*** Opening of Data for the task ***

Fixpoint nn_eval {R : realType} {d : nat} (alpha : R)
  (W : nat -> 'M[R]_d) (b : nat -> 'cV[R]_d) (L : nat) (x : 'cV[R]_d) : 'cV[R]_d :=
  match L with
  | 0 => W 0%N *m x + b 0%N
  | k.+1 => W k.+1 *m leaky_vec alpha (nn_eval alpha W b k x) + b k.+1
  end.

Definition in_NN {R : realType} {d : nat} (alpha : R) (L : nat)
  (f : 'cV[R]_d -> 'cV[R]_d) : Prop :=
  exists (W : nat -> 'M[R]_d) (b : nat -> 'cV[R]_d), forall x, f x = nn_eval alpha W b L x.

Definition enorm {R : realType} {d : nat} (v : 'cV[R]_d) : R :=
  Num.sqrt (\sum_i (v i 0) ^+ 2).

Definition dotv {R : realType} {d : nat} (w x : 'cV[R]_d) : R := \sum_i w i 0 * x i 0.

Definition Tmap {R : realType} {d : nat} (a dt beta : R) (w x : 'cV[R]_d) : 'cV[R]_d :=
  \col_i (if (val i == d.-1)%N then x i 0 + a * dt * tanh (dotv w x + beta) else x i 0).

(* If w_d <> 0, the invertible change of variables
   x |-> (x_1, ..., x_(d-1), w.x) turns T_d into (phi s - sum_(j<d) w_j x_j) / w_d, where s = w.x
   and phi s = s + w_d a dt tanh (s + beta). The condition dt < 1/C^2 gives |w_d a dt| < 1, so phi
   is increasing with slopes between 1 - |w_d a dt| and 1 + |w_d a dt|. Such a function is
   approximated on a compact interval by a scalar leaky-ReLU network: k iterations of sigma_alpha
   multiply the negative half-line by alpha^k, which produces kinks with slope ratio alpha^k, and
   adding one kink per knot builds a piecewise linear interpolant of phi. The other coordinates,
   shifted to be nonnegative, pass unchanged through every activation, and the change of
   variables is absorbed into the first and last layers. If w_d = 0, replacing w_d by a small
   positive number moves T by little on the compact set. *)

From HB Require Import structures.
From mathcomp Require Import all_boot all_order all_algebra.
From mathcomp Require Import all_classical all_reals all_analysis.
From mathcomp Require Import ring lra.
Import Order.TTheory GRing.Theory Num.Theory.
Import numFieldNormedType.Exports.
Local Open Scope ring_scope.
Local Open Scope classical_set_scope.

Section Tanh.
Context {R : realType}.
Implicit Types u v x : R.

Let E x : R := expR x ^+ 2 + 1.

Let E_gt0 x : 0 < E x.
Proof. by rewrite ltr_wpDl ?sqr_ge0. Qed.

Let tanhE x : tanh x = 1 - 2 / E x.
Proof.
rewrite /tanh /E expRN; field.
by rewrite !gt_eqF ?expR_gt0 ?E_gt0.
Qed.

Let dtanh x := 4 * expR x ^+ 2 / E x ^+ 2.

Let is_derive_tanh x : is_derive x 1 (fun y => 1 - 2 / E y) (dtanh x).
Proof.
have dE : is_derive x 1 E (2 * expR x * expR x).
  by apply: is_derive_eq; rewrite /GRing.scale /=; ring.
have := is_deriveV (lt0r_neq0 (E_gt0 x)) dE.
by move=> dV; apply: is_derive_eq; rewrite /dtanh /GRing.scale /=; field; rewrite gt_eqF.
Qed.

Lemma tanh_incr_lip {u v} : u <= v -> 0 <= tanh v - tanh u <= v - u.
Proof.
move=> uv.
have cont : {within `[u, v], continuous (fun y => 1 - 2 / E y)}.
  by apply: derivable_within_continuous => x _; case: (is_derive_tanh x).
rewrite !tanhE.
have [c _ ->] := MVT_segment uv (fun x _ => is_derive_tanh x) cont.
have /andP[d0 d1] : 0 <= dtanh c <= 1.
  have Ec := E_gt0 c; have ec := expR_gt0 c.
  apply/andP; split; first by rewrite /dtanh divr_ge0 ?sqr_ge0 // mulr_ge0 ?sqr_ge0.
  rewrite /dtanh ler_pdivrMr ?exprn_gt0 // mul1r /E.
  by have := sqr_ge0 (expR c ^+ 2 - 1); nra.
have : 0 <= v - u by rewrite subr_ge0.
by nra.
Qed.

Lemma tanh_dist_le u v : `|tanh u - tanh v| <= `|u - v|.
Proof.
wlog uv : u v / u <= v.
  by move=> H; case: (leP u v) => [/H //| /ltW /H]; rewrite distrC (distrC u).
have /andP[h0 h1] := tanh_incr_lip uv.
by rewrite distrC (distrC u) !ger0_norm // subr_ge0.
Qed.

End Tanh.

Section ScalarNetworks.
Context {R : realType} (alpha : R).

Fixpoint nn1_eval (q b : nat -> R) (L : nat) (u : R) : R :=
  match L with
  | 0 => q 0%N * u + b 0%N
  | k.+1 => q k.+1 * leaky alpha (nn1_eval q b k u) + b k.+1
  end.

Definition is_nn1 (f : R -> R) : Prop :=
  exists L q b, forall u, f u = nn1_eval q b L u.

Lemma eq_nn1_eval q b q' b' L :
  (forall i, (i <= L)%N -> q i = q' i /\ b i = b' i) ->
  nn1_eval q b L =1 nn1_eval q' b' L.
Proof.
elim: L => [|k IH] qb u /=; first by case: (qb 0%N) => // -> ->.
rewrite IH => [|i ik]; last exact/qb/leqW.
by case: (qb k.+1) => // -> ->.
Qed.

Lemma is_nn1_eq {f g} : f =1 g -> is_nn1 f -> is_nn1 g.
Proof. by move=> fg [L [q [b fE]]]; exists L, q, b => u; rewrite -fg. Qed.

Lemma is_nn1_affine c e : is_nn1 (fun u => c * u + e).
Proof. by exists 0%N, (fun=> c), (fun=> e). Qed.

Lemma is_nn1_affine_post {f} c e : is_nn1 f -> is_nn1 (fun u => c * f u + e).
Proof.
move=> [L [q [b fE]]].
exists L, (fun i => if i == L then c * q i else q i),
  (fun i => if i == L then c * b i + e else b i) => u.
rewrite fE; case: L q b fE => [|k] q b _ /=; rewrite ?eqxx; first by ring.
rewrite (@eq_nn1_eval _ _ q b); first by ring.
by move=> i ik; rewrite ltn_eqF.
Qed.

Lemma is_nn1_leaky {f} : is_nn1 f -> is_nn1 (fun u => leaky alpha (f u)).
Proof.
move=> [L [q [b fE]]].
exists L.+1, (fun i => if i == L.+1 then 1 else q i),
  (fun i => if i == L.+1 then 0 else b i) => u /=.
rewrite eqxx mul1r addr0 fE (@eq_nn1_eval _ _ q b) // => i iL.
by rewrite ltn_eqF ?ltnS.
Qed.

Lemma is_nn1_iter_leaky k {f} :
  is_nn1 f -> is_nn1 (fun u => iter k (leaky alpha) (f u)).
Proof.
move=> nn_f; elim: k => [|k IH] //.
by apply: (is_nn1_eq _ (is_nn1_leaky IH)) => u; rewrite iterS.
Qed.

Hypothesis alpha01 : 0 < alpha < 1.

Let alpha_gt0 : 0 < alpha. Proof. by case/andP: alpha01. Qed.
Let alpha_lt1 : alpha < 1. Proof. by case/andP: alpha01. Qed.

Lemma leaky_id {x : R} : 0 <= x -> leaky alpha x = x.
Proof. by move=> x0; rewrite /leaky max_r // ler_piMl // ltW. Qed.

Lemma leaky_scale {x : R} : x <= 0 -> leaky alpha x = alpha * x.
Proof. by move=> x0; rewrite /leaky max_l // ler_niMl // ltW. Qed.

Lemma iter_leaky_id k {x : R} : 0 <= x -> iter k (leaky alpha) x = x.
Proof. by move=> x0; elim: k => //= k ->; rewrite leaky_id. Qed.

Lemma iter_leaky_scale k {x : R} : x <= 0 -> iter k (leaky alpha) x = alpha ^+ k * x.
Proof.
move=> x0; elim: k => [|k /= ->]; first by rewrite mul1r.
by rewrite leaky_scale ?exprS ?mulrA // mulr_ge0_le0 // exprn_ge0 // ltW.
Qed.

Lemma exists_expr_le {r : R} : 0 < r -> exists2 k, (0 < k)%N & alpha ^+ k <= r.
Proof.
move=> r0; have alpha_norm : `|alpha| < 1 by rewrite ger0_norm ?ltW.
have [N _ small] := cvgr_le _ (cvg_expr alpha_norm) _ r0.
by exists N.+1 => //; apply: small => /=; rewrite leqnSn.
Qed.

Definition bend_down k c v : R := c - iter k (leaky alpha) (c - v).
Definition bend_up k c v : R := c + (alpha ^+ k)^-1 * iter k (leaky alpha) (v - c).

Lemma bend_down_le k {c v} : v <= c -> bend_down k c v = v.
Proof. by move=> vc; rewrite /bend_down iter_leaky_id ?subr_ge0 ?subKr. Qed.

Lemma bend_down_ge k {c v} : c <= v -> bend_down k c v = c + alpha ^+ k * (v - c).
Proof. by move=> cv; rewrite /bend_down iter_leaky_scale ?subr_le0 //; ring. Qed.

Lemma bend_up_le k {c v} : v <= c -> bend_up k c v = v.
Proof.
move=> vc; rewrite /bend_up iter_leaky_scale ?subr_le0 // mulKf ?subrKC //.
by rewrite expf_neq0 ?gt_eqF.
Qed.

Lemma bend_up_ge k {c v} : c <= v -> bend_up k c v = c + (alpha ^+ k)^-1 * (v - c).
Proof. by move=> cv; rewrite /bend_up iter_leaky_id ?subr_ge0. Qed.

Lemma is_nn1_bend_down k c {f} : is_nn1 f -> is_nn1 (fun u => bend_down k c (f u)).
Proof.
move=> /(is_nn1_affine_post (-1) c)/(is_nn1_iter_leaky k)/(is_nn1_affine_post (-1) c).
by apply: is_nn1_eq => u; rewrite /bend_down !mulN1r !(addrC _ c).
Qed.

Lemma is_nn1_bend_up k c {f} : is_nn1 f -> is_nn1 (fun u => bend_up k c (f u)).
Proof.
move=> /(is_nn1_affine_post 1 (- c))/(is_nn1_iter_leaky k).
move=> /(is_nn1_affine_post (alpha ^+ k)^-1 c).
by apply: is_nn1_eq => u; rewrite /bend_up mul1r (addrC _ c).
Qed.

(* Identity up to y0, then slope alpha ^+ k until the value y1 is reached, then slope 1. *)
Definition kink k y0 y1 v : R := bend_up k y1 (bend_down k y0 v).

Lemma is_nn1_kink k y0 y1 {f} : is_nn1 f -> is_nn1 (fun u => kink k y0 y1 (f u)).
Proof. by move=> nn_f; apply/is_nn1_bend_up/is_nn1_bend_down. Qed.

Lemma kink_id k {y0 y1 v} : y0 <= y1 -> v <= y0 -> kink k y0 y1 v = v.
Proof. by move=> y01 vy0; rewrite /kink bend_down_le // bend_up_le // (le_trans vy0). Qed.

Lemma kink_mid k {y0 y1 v} : y0 <= v -> y0 + alpha ^+ k * (v - y0) <= y1 ->
  kink k y0 y1 v = y0 + alpha ^+ k * (v - y0).
Proof. by move=> y0v vy1; rewrite /kink bend_down_ge // bend_up_le. Qed.

Lemma kink_ge k {y0 y1 v} : y0 <= v -> y1 <= y0 + alpha ^+ k * (v - y0) ->
  kink k y0 y1 v = y1 + (alpha ^+ k)^-1 * (y0 + alpha ^+ k * (v - y0) - y1).
Proof. by move=> y0v y1v; rewrite /kink bend_down_ge // bend_up_ge. Qed.

End ScalarNetworks.

Definition bilipschitz_incr {R : realType} (phi : R -> R) (m l : R) : Prop :=
  forall u v, u <= v -> m * (v - u) <= phi v - phi u <= l * (v - u).

Lemma bilipschitz_incr_ub_gt0 {R : realType} {phi : R -> R} {m l : R} :
  0 < m -> bilipschitz_incr phi m l -> 0 < l.
Proof.
move=> m_gt0 phi_bilip; have /andP[lo hi] := phi_bilip _ _ (@ler01 R).
by rewrite subr0 !mulr1 in lo hi; exact: lt_le_trans m_gt0 (le_trans lo hi).
Qed.

Section BilipschitzInterpolation.
Context {R : realType} (alpha : R) (phi : R -> R) (m l A E : R) (k : nat).
Hypotheses (alpha01 : 0 < alpha < 1) (m_gt0 : 0 < m) (E_gt0 : 0 < E)
  (k_gt0 : (0 < k)%N) (slope_small : alpha ^+ k * l <= m)
  (phi_bilip : bilipschitz_incr phi m l).

(* Beyond z, p is affine with the largest slope l, so that one kink can bend it onto phi. *)
Definition interpolates_upto (p : R -> R) (z : R) : Prop :=
  (forall u, A <= u <= z -> `|p u - phi u| <= E /\ p u <= phi z) /\
  (forall u, z <= u -> p u = phi z + l * (u - z)).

*** Close of Data for the task ***

## Brief
One stretch of the lines above is wanted, from the line that contains "move=> r0; have" through the line that contains "move=> /(is_nn1_affine_post (alpha". Output it exactly.

## Response area
move=> r0; have alpha_norm : `|alpha| < 1 by rewrite ger0_norm ?ltW.
have [N _ small] := cvgr_le _ (cvg_expr alpha_norm) _ r0.
by exists N.+1 => //; apply: small => /=; rewrite leqnSn.
Qed.

Definition bend_down k c v : R := c - iter k (leaky alpha) (c - v).
Definition bend_up k c v : R := c + (alpha ^+ k)^-1 * iter k (leaky alpha) (v - c).

Lemma bend_down_le k {c v} : v <= c -> bend_down k c v = v.
Proof. by move=> vc; rewrite /bend_down iter_leaky_id ?subr_ge0 ?subKr. Qed.

Lemma bend_down_ge k {c v} : c <= v -> bend_down k c v = c + alpha ^+ k * (v - c).
Proof. by move=> cv; rewrite /bend_down iter_leaky_scale ?subr_le0 //; ring. Qed.

Lemma bend_up_le k {c v} : v <= c -> bend_up k c v = v.
Proof.
move=> vc; rewrite /bend_up iter_leaky_scale ?subr_le0 // mulKf ?subrKC //.
by rewrite expf_neq0 ?gt_eqF.
Qed.

Lemma bend_up_ge k {c v} : c <= v -> bend_up k c v = c + (alpha ^+ k)^-1 * (v - c).
Proof. by move=> cv; rewrite /bend_up iter_leaky_id ?subr_ge0. Qed.

Lemma is_nn1_bend_down k c {f} : is_nn1 f -> is_nn1 (fun u => bend_down k c (f u)).
Proof.
move=> /(is_nn1_affine_post (-1) c)/(is_nn1_iter_leaky k)/(is_nn1_affine_post (-1) c).
by apply: is_nn1_eq => u; rewrite /bend_down !mulN1r !(addrC _ c).
Qed.

Lemma is_nn1_bend_up k c {f} : is_nn1 f -> is_nn1 (fun u => bend_up k c (f u)).
Proof.
move=> /(is_nn1_affine_post 1 (- c))/(is_nn1_iter_leaky k).
move=> /(is_nn1_affine_post (alpha ^+ k)^-1 c).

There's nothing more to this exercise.